MegaETH's total value locked doubled following Thursday's MEGA token generation event, with Aave deposits alone reaching $575 million. The Layer 2 network attracted this capital through USDM (a native stablecoin) and Terminal Points farming incentives, which offered outsized yields to early liquidity providers.
The post-TGE surge reflects a common pattern. New chains launch tokens, distribute them to incentivize deposits, and watch TVL spike temporarily. MegaETH's numbers suggest real traction beyond pure mercenary farming. Aave's presence signals institutional confidence.
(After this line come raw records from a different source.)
Lemma sum_noise z : \sum_x noise z x = 1.
Proof.
rewrite -(bigA_distr_bigA (fun i b => noise_wt (z i == b))) big1 // => i _.
by rewrite big_bool /noise_wt; case: (z i) => /=; ring.
Qed.

Lemma relent_noise x y :
  \sum_z relent (noise z x) (noise z y) = jeffreys q (1 - q) * (hamming N x y)%:R.
Proof.
have coord i : \sum_z noise z x * (ln (noise_wt (z i == x i)) - ln (noise_wt (z i == y i))) =
               jeffreys q (1 - q) * (x i != y i)%:R.
  have := sum_ffun_prod_coord (fun j b => noise_wt (b == x j)) i
    (fun b => ln (noise_wt (b == x i)) - ln (noise_wt (b == y i))).
  rewrite /= => ->; rewrite [X in _ * X]big1 ?mulr1; last first.
    by move=> j _; rewrite big_bool /noise_wt; case: (x j) => /=; ring.
  by rewrite big_bool /jeffreys /noise_wt; case: (x i); case: (y i) => /=; rewrite ?subrr; ring.
have -> : (hamming N x y)%:R = \sum_i (x i != y i)%:R :> R.
  rewrite /hamming -sum1_card natr_sum big_mkcond /=.
  by apply: eq_bigr => i _; rewrite inE; case: (_ != _).
rewrite mulr_sumr -(eq_bigr _ (fun i _ => coord i)) exchange_big /=.
apply: eq_bigr => z _.
rewrite /relent /noise ln_prod ?ln_prod; [|by move=> *; apply: noise_wt_gt0..].
by rewrite -sumrB mulr_sumr.
Qed.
The protocol chose to deploy on MegaETH rather than purely chase yield elsewhere.
USDM farming and Terminal Points created dual incentives for capital inflow. Terminal Points operate as loyalty rewards that accrue value over time, giving users reasons to stay beyond token emissions. This mechanic differs from straight governance token farming, which often drains liquidity once rewards end.
The critical question remains unstated. Does MegaETH retain these deposits after incentives decline? Short-term TVL spikes happen across every new chain. Sustainable growth requires actual user activity and genuine demand for the chain's throughput. Thursday's launch momentum generated immediate results. Whether MegaETH converts temporary capital into permanent ecosystem value determines if this number matters six months from now.